[Your assignment] Using the records below, locate all lines containing "else" and return them.
◇ ◇ ◇ ◇ ◇
(* Let $(a_n)_{n\ge1}$ be real scalars and let $T_n\in(c_0)^*$ be given by $T_nx=a_nx_n$ for $x=(x_k)_{k\ge1}\in c_0$. Then $\mathcal{R}(\{T_n:n\ge1\})=\|a\|_{\ell^2}$ (both sides possibly infinite).
   Context: $c_0$ is the space of real null sequences with the sup norm. For a family $\mathscr{T}\subseteq\mathcal{L}(X,Y)$, the $R$-bound $\mathcal{R}(\mathscr{T})$ is the least $C\in[0,\infty]$ such that $(\mathbb{E}\|\sum_{n=1}^N r_nS_nx_n\|^2)^{1/2}\le C(\mathbb{E}\|\sum_{n=1}^N r_nx_n\|^2)^{1/2}$ for all $N$, all $S_1,\dots,S_N\in\mathscr{T}$ and all $x_1,\dots,x_N\in X$, where $(r_n)$ is a Rademacher sequence. *)

From Stdlib Require Import Reals Lra ClassicalEpsilon FunctionalExtensionality.
Open Scope R_scope.

Inductive ereal : Type := Fin (r : R) | PInf.

Definition ereal_le (x y : ereal) : Prop :=
  match x, y with
  | _, PInf => True
  | PInf, Fin _ => False
  | Fin a, Fin b => a <= b
  end.

Fixpoint fsum (N : nat) (f : nat -> R) : R :=
  match N with
  | O => 0
  | S n => fsum n f + f n
  end.

(** c_0 : real null sequences (indexed by nat; index k stands for k+1). *)
Definition is_c0 (x : nat -> R) : Prop := Un_cv x 0.

(** Supremum norm sup_k |x k| (defined for bounded sequences; 0 otherwise,
    a value never used on c_0 since null sequences are bounded). *)
Definition supnorm (x : nat -> R) : R :=
  match excluded_middle_informative (bound (EUn (fun k => Rabs (x k)))) with
  | left Hb =>
      proj1_sig (completeness (EUn (fun k => Rabs (x k))) Hb
                   (ex_intro _ (Rabs (x 0%nat)) (ex_intro _ 0%nat eq_refl)))
  | right _ => 0
  end.

(** Expectation over a Rademacher sequence r_0, ..., r_(N-1):
    average of F over the 2^N sign vectors (r_i in {1,-1}, i < N). *)
Definition upd (e : nat -> R) (n : nat) (v : R) : nat -> R :=
  fun k => if Nat.eqb k n then v else e k.

Fixpoint rad_exp (N : nat) (F : (nat -> R) -> R) : R :=
  match N with
  | O => F (fun _ => 0)
  | S n => (rad_exp n (fun e => F (upd e n 1))
            + rad_exp n (fun e => F (upd e n (-1)))) / 2
  end.

(** Bounded linear operators c_0 -> R, represented as functions on sequences. *)
Definition op := (nat -> R) -> R.

(** C (in [0,oo]) satisfies the R-bound inequality for the family [fam]
    of operators c_0 -> R (norm of R = absolute value). *)
Definition Rbound_ok (fam : op -> Prop) (C : ereal) : Prop :=
  match C with
  | PInf => True
  | Fin c =>
      0 <= c /\
      forall (N : nat) (S : nat -> op) (x : nat -> nat -> R),
        (forall i, (i < N)%nat -> fam (S i)) ->
        (forall i, (i < N)%nat -> is_c0 (x i)) ->
        sqrt (rad_exp N (fun r => (Rabs (fsum N (fun i => r i * S i (x i)))) ^ 2))
        <= c * sqrt (rad_exp N (fun r => (supnorm (fun k => fsum N (fun i => r i * x i k))) ^ 2))
  end.

Definition is_Rbound (fam : op -> Prop) (C : ereal) : Prop :=
  Rbound_ok fam C /\ forall D, Rbound_ok fam D -> ereal_le C D.

Definition l2norm (a : nat -> R) : ereal :=
  match excluded_middle_informative
          (exists l, Un_cv (fun N => fsum N (fun n => a n ^ 2)) l) with
  | left H =>
      Fin (sqrt (proj1_sig (constructive_indefinite_description _ H)))
  | right _ => PInf
  end.

Definition Tdiag (a : nat -> R) (n : nat) : op := fun x => a n * x n.

(* The upper bound: after testing the point evaluation at a coordinate k,
   Khintchine's identity E|sum_i r_i c_i|^2 = sum_i c_i^2 (exact for Rademacher
   signs) gives sum_i x_i(k)^2 <= E||sum_i r_i x_i||^2 for every k.  Grouping the
   indices i by the operator T_(n_i) they use, E|sum_i r_i a_(n_i) x_i(n_i)|^2 =
   sum_i a_(n_i)^2 x_i(n_i)^2 <= sum_k a_k^2 sum_i x_i(k)^2 <= ||a||^2 E||sum_i r_i x_i||^2.
   The lower bound: on the unit vectors e_0, ..., e_(N-1), every sign combination
   has norm 1, while the left side equals sum_(n<N) a_n^2. *)
From Stdlib Require Import Reals Lra Lia FunctionalExtensionality ClassicalEpsilon.
Open Scope R_scope.

Lemma fsum_ext N f g : (forall i, (i < N)%nat -> f i = g i) -> fsum N f = fsum N g.
Proof.
  induction N as [|N IH]; simpl; intros H; [reflexivity|].
  rewrite IH by (intros; apply H; lia). rewrite H by lia. reflexivity.
Qed.

Lemma fsum_le N f g : (forall i, (i < N)%nat -> f i <= g i) -> fsum N f <= fsum N g.
Proof.
  induction N as [|N IH]; simpl; intros H; [lra|].
  assert (fsum N f <= fsum N g) by (apply IH; intros; apply H; lia).
  assert (f N <= g N) by (apply H; lia). lra.
Qed.

Lemma fsum_add N f g : fsum N (fun i => f i + g i) = fsum N f + fsum N g.
Proof. induction N as [|N IH]; simpl; [lra|]. rewrite IH; ring. Qed.

Lemma fsum_mulr N f c : fsum N (fun i => f i * c) = fsum N f * c.
Proof. induction N as [|N IH]; simpl; [ring|]. rewrite IH; ring. Qed.

Lemma fsum_ge0 N f : (forall i, 0 <= f i) -> 0 <= fsum N f.
Proof.
  induction N as [|N IH]; simpl; intros H; [lra|].
  specialize (IH H). specialize (H N). lra.
Qed.

Lemma fsum_ge_term N f j : (forall i, 0 <= f i) -> (j < N)%nat -> f j <= fsum N f.
Proof.
  induction N as [|N IH]; simpl; intros H Hj; [lia|].
  destruct (Nat.eq_dec j N) as [->|Hne].
  - pose proof (fsum_ge0 N f H). lra.
  - assert (f j <= fsum N f) by (apply IH; auto; lia). specialize (H N). lra.
Qed.

Lemma fsum_reindex_le N B (w : nat -> R) (y : nat -> nat -> R) (n : nat -> nat) :
  (forall k, 0 <= w k) -> (forall i k, 0 <= y i k) ->
  (forall i, (i < N)%nat -> (n i < B)%nat) ->
  fsum N (fun i => w (n i) * y i (n i)) <= fsum B (fun k => w k * fsum N (fun i => y i k)).
Proof.
  intros Hw Hy. induction N as [|N IH]; simpl; intros Hn.
  - rewrite (fsum_ext B _ (fun _ => 0 * 0)) by (intros; ring).
    rewrite fsum_mulr. lra.
  - rewrite (fsum_ext B _ (fun k => w k * fsum N (fun i => y i k) + w k * y N k))
      by (intros; ring).
    rewrite fsum_add.
    assert (fsum N (fun i => w (n i) * y i (n i))
            <= fsum B (fun k => w k * fsum N (fun i => y i k)))
      by (apply IH; intros; apply Hn; lia).
    assert (w (n N) * y N (n N) <= fsum B (fun k => w k * y N k)).
    { apply (fsum_ge_term B (fun k => w k * y N k)); [|apply Hn; lia].
      intros; apply Rmult_le_pos; auto. }
    lra.
Qed.

Lemma exists_strict_upper_bound N (n : nat -> nat) :
  exists B, forall i, (i < N)%nat -> (n i < B)%nat.
Proof.
  induction N as [|N [B HB]]; [exists 0%nat; intros; lia|].
  exists (Nat.max B (S (n N))). intros i Hi.
  destruct (Nat.eq_dec i N) as [->|Hne]; [lia|].
  specialize (HB i ltac:(lia)). lia.
Qed.

Lemma rad_exp_ext N F G : (forall e, F e = G e) -> rad_exp N F = rad_exp N G.
Proof. intros H. rewrite (functional_extensionality F G H). reflexivity. Qed.

Lemma rad_exp_const N c : rad_exp N (fun _ => c) = c.
Proof. induction N as [|N IH]; simpl; [reflexivity|]. rewrite IH. field. Qed.

(* Only sign vectors bounded by 1 are ever evaluated: [upd] installs +-1 and the
   base vector is 0. *)
Lemma rad_exp_le N : forall F G,
  (forall e, (forall k, Rabs (e k) <= 1) -> F e <= G e) -> rad_exp N F <= rad_exp N G.
Proof.
  induction N as [|N IH]; simpl; intros F G H.
  - apply H. intros; rewrite Rabs_R0; lra.
  - assert (Hupd : forall e v, Rabs v = 1 -> (forall k, Rabs (e k) <= 1) ->
                   forall k, Rabs (upd e N v k) <= 1).
    { intros e v Hv He k. unfold upd. destruct (Nat.eqb k N); [lra|apply He]. }
    assert (Hm1 : Rabs (-1) = 1) by (rewrite Rabs_left; lra).
    assert (rad_exp N (fun e => F (upd e N 1)) <= rad_exp N (fun e => G (upd e N 1)))
      by (apply IH; intros e He; apply H, Hupd; auto; apply Rabs_R1).
    assert (rad_exp N (fun e => F (upd e N (-1))) <= rad_exp N (fun e => G (upd e N (-1))))
      by (apply IH; intros e He; apply H, Hupd; auto).
    lra.
Qed.

Lemma fsum_upd_signs n e v c :
  fsum n (fun i => upd e n v i * c i) = fsum n (fun i => e i * c i).
Proof.
  apply fsum_ext. intros i Hi. unfold upd.
  destruct (Nat.eqb i n) eqn:E; [apply Nat.eqb_eq in E; lia|reflexivity].
Qed.

(* The cross terms b * c_N and c_i * c_N cancel between the signs +1 and -1. *)
Lemma rad_exp_square_affine N c : forall b,
  rad_exp N (fun r => (b + fsum N (fun i => r i * c i)) ^ 2) = b ^ 2 + fsum N (fun i => c i ^ 2).
Proof.
  induction N as [|N IH]; intro b; cbn [rad_exp fsum]; [ring|].
  assert (Hv : forall v, rad_exp N (fun e =>
             (b + (fsum N (fun i => upd e N v i * c i) + upd e N v N * c N)) ^ 2)
           = (b + v * c N) ^ 2 + fsum N (fun i => c i ^ 2)).
  { intro v. rewrite <- IH. apply rad_exp_ext. intro e. rewrite fsum_upd_signs.
    unfold upd. rewrite Nat.eqb_refl. ring. }
  rewrite !Hv. field.
Qed.

Lemma rad_exp_square N c :
  rad_exp N (fun r => Rabs (fsum N (fun i => r i * c i)) ^ 2) = fsum N (fun i => c i ^ 2).
Proof.
  rewrite <- (Rplus_0_l (fsum N _)), <- (pow_i 2 ltac:(lia)), <- rad_exp_square_affine.
  apply rad_exp_ext. intro e. rewrite pow2_abs. f_equal. ring.
Qed.

Lemma Un_cv_const c : Un_cv (fun _ => c) c.
Proof. intros eps He. exists 0%nat. intros. unfold R_dist. rewrite Rminus_diag, Rabs_R0. lra. Qed.

Lemma is_c0_fsum N r x : (forall i, (i < N)%nat -> is_c0 (x i)) ->
  is_c0 (fun k => fsum N (fun i => r i * x i k)).
Proof.
  unfold is_c0. induction N as [|N IH]; simpl; intros H; [apply Un_cv_const|].
  replace 0 with (0 + r N * 0) by ring.
  apply CV_plus; [apply IH; intros; apply H; lia|].
  apply CV_mult; [apply Un_cv_const|apply H; lia].
Qed.

Lemma Rabs_le_supnorm y k : is_c0 y -> Rabs (y k) <= supnorm y.
Proof.
  intros Hy. unfold supnorm.
  destruct (excluded_middle_informative _) as [Hb|Hnb].
  - destruct (completeness _ _ _) as [s Hs]. apply (proj1 Hs). exists k. reflexivity.
  - exfalso. apply Hnb, cauchy_bound, CV_Cauchy. exists 0.
    rewrite <- Rabs_R0. apply cv_cvabs, Hy.
Qed.

Lemma supnorm_le1 y : (forall k, Rabs (y k) <= 1) -> 0 <= supnorm y <= 1.
Proof.
  intros Hy. unfold supnorm.
  destruct (excluded_middle_informative _) as [Hb|Hnb]; [|lra].
  destruct (completeness _ _ _) as [s Hs]. simpl. destruct Hs as [Hs Hl]. split.
  - apply Rle_trans with (Rabs (y 0%nat)); [apply Rabs_pos|]. apply Hs. exists 0%nat; reflexivity.
  - apply Hl. intros z [i ->]. apply Hy.
Qed.

Lemma fsum_sq_le_rad_exp_supnorm N x k : (forall i, (i < N)%nat -> is_c0 (x i)) ->
  fsum N (fun i => x i k ^ 2)
  <= rad_exp N (fun r => supnorm (fun k => fsum N (fun i => r i * x i k)) ^ 2).
Proof.
  intros Hx. rewrite <- (rad_exp_square N (fun i => x i k)).
  apply rad_exp_le. intros e _.
  rewrite <- (pow2_abs (supnorm _)). apply pow_incr. split; [apply Rabs_pos|].
  eapply Rle_trans; [|apply Rle_abs].
  apply (Rabs_le_supnorm (fun k => fsum N (fun i => e i * x i k))), is_c0_fsum, Hx.
Qed.

Definition unit_vec (i : nat) : nat -> R := fun k => if Nat.eqb k i then 1 else 0.

Lemma is_c0_unit_vec i : is_c0 (unit_vec i).
Proof.
  intros eps He. exists (S i). intros n Hn. unfold R_dist, unit_vec.
  destruct (Nat.eqb n i) eqn:E; [apply Nat.eqb_eq in E; lia|].
  rewrite Rminus_diag, Rabs_R0. lra.
Qed.

Lemma fsum_unit_vec N e k :
  fsum N (fun i => e i * unit_vec i k) = if Nat.ltb k N then e k else 0.
Proof.
  induction N as [|N IH]; cbn [fsum]; [reflexivity|]. rewrite IH. unfold unit_vec.
  destruct (Nat.eqb_spec k N) as [->|Hne].
  - rewrite (proj2 (Nat.ltb_ge N N)), (proj2 (Nat.ltb_lt N (S N))) by lia. ring.
  - destruct (Nat.ltb_spec k N); destruct (Nat.ltb_spec k (S N)); try lia; ring.
Qed.

Lemma rad_exp_supnorm_unit_vec_le1 N :
  rad_exp N (fun r => supnorm (fun k => fsum N (fun i => r i * unit_vec i k)) ^ 2) <= 1.
Proof.
  rewrite <- (rad_exp_const N 1). apply rad_exp_le. intros e He.
  destruct (supnorm_le1 (fun k => fsum N (fun i => e i * unit_vec i k))).
  - intro k. rewrite fsum_unit_vec. destruct (Nat.ltb k N); [apply He|rewrite Rabs_R0; lra].
  - rewrite <- (pow1 2). apply pow_incr. lra.
Qed.

Section DiagonalFunctionals.

Variable a : nat -> R.

Let fam : op -> Prop := fun S => exists n : nat, S = Tdiag a n.

Lemma growing_fsum_sq : Un_growing (fun N => fsum N (fun n => a n ^ 2)).
Proof. intro n. simpl. pose proof (pow2_ge_0 (a n)). lra. Qed.

Lemma Rbound_ok_Tdiag L : 0 <= L -> (forall B, fsum B (fun k => a k ^ 2) <= L) ->
  Rbound_ok fam (Fin (sqrt L)).
Proof.
  intros HL HaL. split; [apply sqrt_pos|]. intros N S x HS Hx.
  set (M := rad_exp N (fun r => supnorm (fun k => fsum N (fun i => r i * x i k)) ^ 2)).
  assert (HxM : forall k, fsum N (fun i => x i k ^ 2) <= M)
    by (intro k; apply fsum_sq_le_rad_exp_supnorm, Hx).
  pose (n i := epsilon (inhabits 0%nat) (fun n => S i = Tdiag a n)).
  assert (Hn : forall i, (i < N)%nat -> S i = Tdiag a (n i))
    by (intros i Hi; exact (epsilon_spec _ (fun n => S i = Tdiag a n) (HS i Hi))).
  destruct (exists_strict_upper_bound N n) as [B HB].
  assert (HM0 : 0 <= M).
  { eapply Rle_trans; [|apply (HxM 0%nat)]. apply fsum_ge0; intros; apply pow2_ge_0. }
  rewrite rad_exp_square, <- sqrt_mult by assumption.
  apply sqrt_le_1_alt.
  rewrite (fsum_ext N _ (fun i => a (n i) ^ 2 * x i (n i) ^ 2))
    by (intros i Hi; rewrite Hn by exact Hi; unfold Tdiag; ring).
  eapply Rle_trans.
  { apply (fsum_reindex_le N B (fun k => a k ^ 2) (fun i k => x i k ^ 2) n);
      auto; intros; apply pow2_ge_0. }
  eapply Rle_trans.
  { apply (fsum_le B _ (fun k => a k ^ 2 * M)).
    intros; apply Rmult_le_compat_l; [apply pow2_ge_0|apply HxM]. }
  rewrite fsum_mulr. apply Rmult_le_compat_r; [exact HM0|apply HaL].
Qed.

Lemma Rbound_ok_Tdiag_fsum_le d : Rbound_ok fam (Fin d) ->
  forall N, fsum N (fun n => a n ^ 2) <= d ^ 2.
Proof.
  intros [Hd H] N.
  specialize (H N (fun i => Tdiag a i) unit_vec
                (fun i _ => ex_intro _ i eq_refl) (fun i _ => is_c0_unit_vec i)).
  rewrite rad_exp_square in H.
  rewrite (fsum_ext N _ (fun n => a n ^ 2)) in H
    by (intros i _; unfold Tdiag, unit_vec; rewrite Nat.eqb_refl; ring).
  assert (Hsq : sqrt (fsum N (fun n => a n ^ 2)) <= sqrt (d ^ 2)).
  { rewrite sqrt_pow2 by exact Hd. eapply Rle_trans; [exact H|].
    rewrite <- (Rmult_1_r d) at 2. apply Rmult_le_compat_l; [exact Hd|].
    rewrite <- sqrt_1. apply sqrt_le_1_alt, rad_exp_supnorm_unit_vec_le1. }
  apply sqrt_le_0; [apply fsum_ge0; intros; apply pow2_ge_0|apply pow2_ge_0|exact Hsq].
Qed.

End DiagonalFunctionals.

Theorem mainTheorem5 (a : nat -> R) :
  is_Rbound (fun S => exists n : nat, S = Tdiag a n) (l2norm a).
Proof.
  unfold l2norm. destruct (excluded_middle_informative _) as [Hex|Hdiv].
  - destruct (constructive_indefinite_description _ Hex) as [l Hl]. simpl.
    pose proof (growing_ineq _ _ (growing_fsum_sq a) Hl) as Hle.
    split; [apply Rbound_ok_Tdiag; [apply (Hle 0%nat)|exact Hle]|].
    intros [d|] HD; simpl; [|exact I].
    pose proof (Rbound_ok_Tdiag_fsum_le a d HD) as Hlow.
    rewrite <- (sqrt_pow2 d) by apply HD.
    apply sqrt_le_1_alt, (Rle_cv_lim Hlow Hl (Un_cv_const _)).
  - split; [exact I|]. intros [d|] HD; simpl; [|exact I].
    apply Hdiv. destruct (growing_cv _ (growing_fsum_sq a)) as [l Hl].
    + exists (d ^ 2). intros z [n ->]. apply (Rbound_ok_Tdiag_fsum_le a d HD).
    + exists l; exact Hl.
Qed.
◇ ◇ ◇ ◇ ◇
[Response to this exercise]
  fun k => if Nat.eqb k n then v else e k.
Definition unit_vec (i : nat) : nat -> R := fun k => if Nat.eqb k i then 1 else 0.
  fsum N (fun i => e i * unit_vec i k) = if Nat.ltb k N then e k else 0.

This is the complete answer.